(* Let $n\ge 1$ and let $\mathcal{H}=(\mathbb{C}^3)^{\otimes n}$ with the sector projectors $\Pi_{\bm i}$ and trace-normalized projectors $\widetilde{\Pi}_{\bm i}$, $\bm i\in\{c,l\}^n$, as in the context. Define the twirling projector $\bar{\mathcal{P}}$ on linear operators $\rho$ on $\mathcal{H}$ by $\bar{\mathcal{P}}(\rho)=\sum_{\bm i\in\{c,l\}^n}\operatorname{tr}(\Pi_{\bm i}\rho)\,\widetilde{\Pi}_{\bm i}$. Then $$\bar{\mathcal{P}}=\frac{1}{|\mathbb{P}_n|}\sum_{P\in\mathbb{P}_n}\mathcal{P},$$ i.e. for every quantum state $\rho$ on $\mathcal{H}$, $\frac{1}{|\mathbb{P}_n|}\sum_{P\in\mathbb{P}_n}\mathcal{P}(\rho)=\sum_{\bm i}\operatorname{tr}(\Pi_{\bm i}\rho)\widetilde{\Pi}_{\bm i}$.
   Context: A single qubit with leakage is the Hilbert space $\mathbb{C}^3$ with orthonormal basis $\{|0\rangle,|1\rangle,|2\rangle\}$; its computational subspace is $\operatorname{span}\{|0\rangle,|1\rangle\}$ with projector $\Pi_c=|0\rangle\langle 0|+|1\rangle\langle 1|$ and its leakage subspace is $\operatorname{span}\{|2\rangle\}$ with projector $\Pi_l=|2\rangle\langle 2|$. For $n$ qubits, $\mathcal{H}=(\mathbb{C}^3)^{\otimes n}$ and for $\bm i=(i_1,\dots,i_n)\in\{c,l\}^n$, $\Pi_{\bm i}=\bigotimes_{k=1}^n\Pi_{i_k}$ (the factor on qubit $k$ is $\Pi_c$ if $i_k=c$ and $\Pi_l$ if $i_k=l$), $\mathcal{H}_{\bm i}$ is its range, and $\widetilde{\Pi}_{\bm i}=\Pi_{\bm i}/\dim(\mathcal{H}_{\bm i})$. The single-qubit Pauli group is $\mathbb{P}=\{\pm1,\pm \mathrm{i}\}\times\{I,X,Y,Z\}$ (16 elements, $X,Y,Z$ the $2\times2$ Pauli matrices) and $\mathbb{P}_n=\mathbb{P}^{\times n}$. For $U\in\mathbb{P}$, its channel on $\mathbb{C}^3$ is $\mathcal{P}_U(\rho)=(U\oplus 1)\rho(U\oplus 1)^\dagger$, where $U\oplus 1$ acts as $U$ on $\operatorname{span}\{|0\rangle,|1\rangle\}$ and as the identity on $|2\rangle$. For $P=(P_1,\dots,P_n)\in\mathbb{P}_n$, $\mathcal{P}=\bigotimes_{k}\mathcal{P}_{P_k}$. *)

From mathcomp Require Import all_boot all_order all_algebra all_field.
Set Implicit Arguments. Unset Strict Implicit. Unset Printing Implicit Defensive.
Import Order.TTheory GRing.Theory Num.Theory.
Local Open Scope ring_scope.

(* Computational basis of (C^3)^{⊗n}: a basis vector |x_1 ... x_n> is a
   function x : 'I_n -> 'I_3. *)
Definition basis (n : nat) := {ffun 'I_n -> 'I_3}.

(* Linear operators on H = (C^3)^{⊗n}, given by their matrix entries
   <x| A |y> in the computational basis. *)
Definition op (n : nat) := basis n -> basis n -> algC.

Definition opmul n (A B : op n) : op n :=
  fun x y => \sum_(z : basis n) A x z * B z y.
Definition opadj n (A : op n) : op n := fun x y => (A y x)^*.
Definition optr n (A : op n) : algC := \sum_(x : basis n) A x x.
Definition opscale n (a : algC) (A : op n) : op n := fun x y => a * A x y.

Definition tens n (M : 'I_n -> 'M[algC]_3) : op n :=
  fun x y => \prod_(k < n) M k (x k) (y k).

(* Single-qubit Pauli matrices: 0 = I, 1 = X, 2 = Y, 3 = Z. *)
Definition pauli (a : 'I_4) : 'M[algC]_2 :=
  \matrix_(i < 2, j < 2)
    match val a with
    | 0 => (i == j)%:R
    | 1 => (i != j)%:R
    | 2 => if i == j then 0 else if (val i == 0)%N then - 'i else 'i
    | _ => if i == j then (if (val i == 0)%N then 1 else -1) else 0
    end.

(* Single-qubit Pauli group P = {±1, ±i} × {I,X,Y,Z}: an element (k, a)
   stands for the matrix i^k * pauli a (16 elements). *)
Definition Pauli1 := ('I_4 * 'I_4)%type.
Definition pauli_mat (U : Pauli1) : 'M[algC]_2 := ('i ^+ val U.1) *: pauli U.2.

(* U ⊕ 1 on C^3 = span{|0>,|1>} ⊕ span{|2>}. *)
Definition dsum1 (U : 'M[algC]_2) : 'M[algC]_3 :=
  \matrix_(i < 3, j < 3)
    if ((val i < 2) && (val j < 2))%N then U (inord i) (inord j)
    else (i == j)%:R.

Definition Pauli (n : nat) := {ffun 'I_n -> Pauli1}.

Definition pauli_channel n (P : Pauli n) (rho : op n) : op n :=
  let V := tens (fun k => dsum1 (pauli_mat (P k))) in
  opmul (opmul V rho) (opadj V).

(* Single-qutrit projectors Π_c, Π_l. Sector labels: false = c, true = l. *)
Definition Pic : 'M[algC]_3 := \matrix_(i < 3, j < 3) ((i == j) && (val i < 2)%N)%:R.
Definition Pil : 'M[algC]_3 := \matrix_(i < 3, j < 3) ((i == j) && (val i == 2)%N)%:R.

Definition sector (n : nat) := {ffun 'I_n -> bool}.

Definition Proj n (s : sector n) : op n :=
  tens (fun k => if s k then Pil else Pic).

(* dim H_s = 2^(number of computational factors) * 1^(number of leaked ones) *)
Definition sector_dim n (s : sector n) : nat := 2 ^ #|[set k | ~~ s k]|.

Definition ProjN n (s : sector n) : op n :=
  opscale ((sector_dim s)%:R^-1) (Proj s).

Definition twirl n (rho : op n) : op n :=
  fun x y => \sum_(s : sector n) optr (opmul (Proj s) rho) * ProjN s x y.

From mathcomp Require Import all_boot all_order all_algebra all_field.
From mathcomp Require Import ring.
Import GRing.Theory Num.Theory.
Local Open Scope ring_scope.

(* Both sides are linear in rho and factor as tensor products over the n
   qutrits, so it suffices to compare, on a single site, the coefficient of
   rho z w in entry (x, y): the average over the 16 matrices U of
   (U ⊕ 1)_{ac} conj((U ⊕ 1)_{bd}) against Σ_l Π_l(d,c) Π_l(a,b) / dim H_l.
   Averaging the global phase i^k kills the terms that mix the computational
   and the leakage block, U ⊕ 1 is the identity on the leakage block, and on
   the computational block Pauli completeness
   Σ_s σ_s(a,c) σ_s(d,b) = 2 δ_ab δ_cd produces the weight 1/2 of Π̃_c. *)

Lemma pauli_hermitian (s : 'I_4) (a b : 'I_2) : (pauli s a b)^* = pauli s b a.
Proof.
have conjCNi : (- 'i)^* = 'i :> algC by rewrite -[in RHS](conjCK 'i) conjCi.
rewrite !mxE.
by case: s => [[|[|[|[|?]]]] ?] //; case: a => [[|[|?]] ?] //;
  case: b => [[|[|?]] ?] //; rewrite /= ?(rmorph0, rmorph1, rmorphN1, conjCi, conjCNi).
Qed.

Lemma pauli_completeness (a b c d : 'I_2) :
  \sum_(s < 4) pauli s a c * pauli s d b = 2 * ((a == b) && (c == d))%:R.
Proof.
have mulCii : 'i * 'i = -1 :> algC by rewrite -expr2 sqrCi.
rewrite !big_ord_recr big_ord0 /= !mxE /=.
by case: a => [[|[|?]] ?] //; case: b => [[|[|?]] ?] //;
  case: c => [[|[|?]] ?] //; case: d => [[|[|?]] ?] //=;
  rewrite ?(mulrN, mulNr, opprK, mulCii); ring.
Qed.

Lemma sum_powCi : \sum_(k < 4) 'i ^+ k = 0 :> algC.
Proof.
have i2 : 'i ^+ 2 = -1 :> algC by exact: sqrCi.
have i3 : 'i ^+ 3 = - 'i :> algC by rewrite exprS i2 mulrN1.
by rewrite !big_ord_recr big_ord0 /= add0r expr0 expr1 i2 i3; ring.
Qed.

Lemma powCi_mul_conj (k : nat) : 'i ^+ k * ('i ^+ k)^* = 1 :> algC.
Proof. by rewrite -normCK normrX normCi !expr1n. Qed.

Lemma phase_cancel (k : nat) (u v : algC) :
  'i ^+ k * u * ('i ^+ k * v)^* = u * v^*.
Proof.
have conjCM (z w : algC) : (z * w)^* = z^* * w^* by exact: rmorphM.
by rewrite conjCM mulrACA powCi_mul_conj mul1r.
Qed.

Lemma inord_eq (m n : nat) (a b : 'I_m) : (a <= n)%N -> (b <= n)%N ->
  (inord a == inord b :> 'I_n.+1) = (a == b).
Proof.
move=> an bn; apply/eqP/eqP => [/(congr1 val)|-> //].
by rewrite /= !inordK // => /val_inj.
Qed.

Lemma sum_Pauli1 (F : Pauli1 -> algC) :
  \sum_(U : Pauli1) F U = \sum_(k < 4) \sum_(s < 4) F (k, s).
Proof. by rewrite pair_bigA; apply: eq_bigr => -[]. Qed.

Lemma dsum1_pauli_matE (U : Pauli1) (a c : 'I_3) :
  dsum1 (pauli_mat U) a c =
  if (a < 2)%N && (c < 2)%N then 'i ^+ U.1 * pauli U.2 (inord a) (inord c)
  else (a == c)%:R.
Proof. by rewrite mxE; case: ifP; rewrite ?mxE. Qed.

Definition twirl_coef (a b c d : 'I_3) : algC :=
  if (a < 2)%N && (c < 2)%N then
    if (b < 2)%N && (d < 2)%N then 2^-1 * ((a == b) && (c == d))%:R else 0
  else if (b < 2)%N && (d < 2)%N then 0 else ((a == c) && (b == d))%:R.

Lemma pauli_avg_site (a b c d : 'I_3) :
  16^-1 * \sum_(U : Pauli1) dsum1 (pauli_mat U) a c * (dsum1 (pauli_mat U) b d)^*
  = twirl_coef a b c d.
Proof.
under eq_bigr => U _ do rewrite !dsum1_pauli_matE.
rewrite sum_Pauli1 /twirl_coef /=.
case hac: ((a < 2) && (c < 2))%N; case hbd: ((b < 2) && (d < 2))%N.
- move: hac hbd => /andP[a2 c2] /andP[b2 d2].
  under eq_bigr => k _ do under eq_bigr => s _ do
    rewrite phase_cancel pauli_hermitian.
  rewrite sumr_const card_ord pauli_completeness !inord_eq //.
  by rewrite -mulr_natr; field.
- rewrite exchange_big big1 ?mulr0 // => s _.
  by under eq_bigr do rewrite -mulrA; rewrite -big_distrl /= sum_powCi mul0r.
- rewrite exchange_big big1 ?mulr0 // => s _.
  by rewrite -big_distrr /= -rmorph_sum -big_distrl /= sum_powCi mul0r rmorph0 mulr0.
- rewrite conjC_nat !sumr_const !card_ord -natrM mulnb.
  by rewrite -mulrnA -mulr_natr; field.
Qed.

Definition sector_proj (l : bool) : 'M[algC]_3 := if l then Pil else Pic.
Definition sector_weight (l : bool) : algC := if l then 1 else 2^-1.

Lemma sector_avg_site (a b c d : 'I_3) :
  \sum_(l : bool) sector_proj l d c * sector_proj l a b * sector_weight l
  = twirl_coef a b c d.
Proof.
rewrite big_bool /twirl_coef /= !mxE.
by case: a => [[|[|[|?]]] ?] //; case: b => [[|[|[|?]]] ?] //;
  case: c => [[|[|[|?]]] ?] //; case: d => [[|[|[|?]]] ?] //=;
  rewrite ?(mul0r, mulr0, mul1r, mulr1, add0r, addr0).
Qed.

Lemma conj_tensE n (M : 'I_n -> 'M[algC]_3) (rho : op n) (x y : basis n) :
  opmul (opmul (tens M) rho) (opadj (tens M)) x y =
  \sum_(z : basis n) \sum_(w : basis n)
    rho z w * \prod_(k < n) (M k (x k) (z k) * (M k (y k) (w k))^*).
Proof.
rewrite /opmul /opadj /tens.
under eq_bigr => w _ do rewrite big_distrl /=.
rewrite exchange_big /=; apply: eq_bigr => z _; apply: eq_bigr => w _.
by rewrite rmorph_prod big_split /= mulrAC mulrC.
Qed.

Lemma pauli_channelE n (P : Pauli n) (rho : op n) (x y : basis n) :
  pauli_channel P rho x y =
  \sum_(z : basis n) \sum_(w : basis n) rho z w * \prod_(k < n)
    (dsum1 (pauli_mat (P k)) (x k) (z k) * (dsum1 (pauli_mat (P k)) (y k) (w k))^*).
Proof. exact: conj_tensE. Qed.

Lemma optr_mul_tensE n (M : 'I_n -> 'M[algC]_3) (rho : op n) :
  optr (opmul (tens M) rho) =
  \sum_(z : basis n) \sum_(w : basis n) rho z w * \prod_(k < n) M k (w k) (z k).
Proof.
rewrite /optr /opmul exchange_big /=.
by apply: eq_bigr => z _; apply: eq_bigr => w _; rewrite mulrC.
Qed.

Lemma inv_sector_dim n (s : sector n) :
  (sector_dim s)%:R^-1 = \prod_(k < n) sector_weight (s k).
Proof.
rewrite /sector_dim natrX -exprVn (bigID s) /= big1 ?mul1r; last by move=> k ->.
rewrite (eq_bigr (fun=> 2^-1)); last by move=> k /negbTE ->.
rewrite (eq_bigl (fun k => k \in [set k | ~~ s k])) ?prodr_const //.
by move=> k; rewrite inE.
Qed.

Lemma twirlE n (rho : op n) (x y : basis n) :
  twirl rho x y = \sum_(z : basis n) \sum_(w : basis n) rho z w *
    \sum_(s : sector n) \prod_(k < n)
      (sector_proj (s k) (w k) (z k) * sector_proj (s k) (x k) (y k) * sector_weight (s k)).
Proof.
rewrite /twirl /ProjN /opscale.
under eq_bigr => s _ do rewrite optr_mul_tensE big_distrl.
rewrite exchange_big; apply: eq_bigr => z _.
under eq_bigr => s _ do rewrite big_distrl.
rewrite exchange_big; apply: eq_bigr => w _.
rewrite mulr_sumr; apply: eq_bigr => s _.
by rewrite inv_sector_dim /Proj /tens !big_split /=; ring.
Qed.

Theorem lemma1 (n : nat) (hn : (1 <= n)%N) (rho : op n) (x y : basis n) :
  (#|{: Pauli n}|%:R)^-1 * (\sum_(P : Pauli n) pauli_channel P rho x y)
  = twirl rho x y.
Proof.
have card_Pauli : #|{: Pauli n}|%:R^-1 = \prod_(k < n) 16^-1 :> algC.
  by rewrite card_ffun card_prod !card_ord prodr_const card_ord natrX exprVn.
under eq_bigr => P _ do rewrite pauli_channelE.
rewrite card_Pauli twirlE exchange_big mulr_sumr; apply: eq_bigr => z _.
rewrite exchange_big mulr_sumr; apply: eq_bigr => w _.
rewrite -mulr_sumr mulrCA; congr (_ * _).
rewrite -(bigA_distr_bigA (fun k (U : Pauli1) =>
  dsum1 (pauli_mat U) (x k) (z k) * (dsum1 (pauli_mat U) (y k) (w k))^*)).
rewrite -(bigA_distr_bigA (fun k l =>
  sector_proj l (w k) (z k) * sector_proj l (x k) (y k) * sector_weight l)).
by rewrite -big_split /=; apply: eq_bigr => k _; rewrite pauli_avg_site sector_avg_site.
Qed.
====================
The answer must consist of each line from the entries that contains the string "ProjN".

- [Written solution]:
Definition ProjN n (s : sector n) : op n :=
  fun x y => \sum_(s : sector n) optr (opmul (Proj s) rho) * ProjN s x y.
rewrite /twirl /ProjN /opscale.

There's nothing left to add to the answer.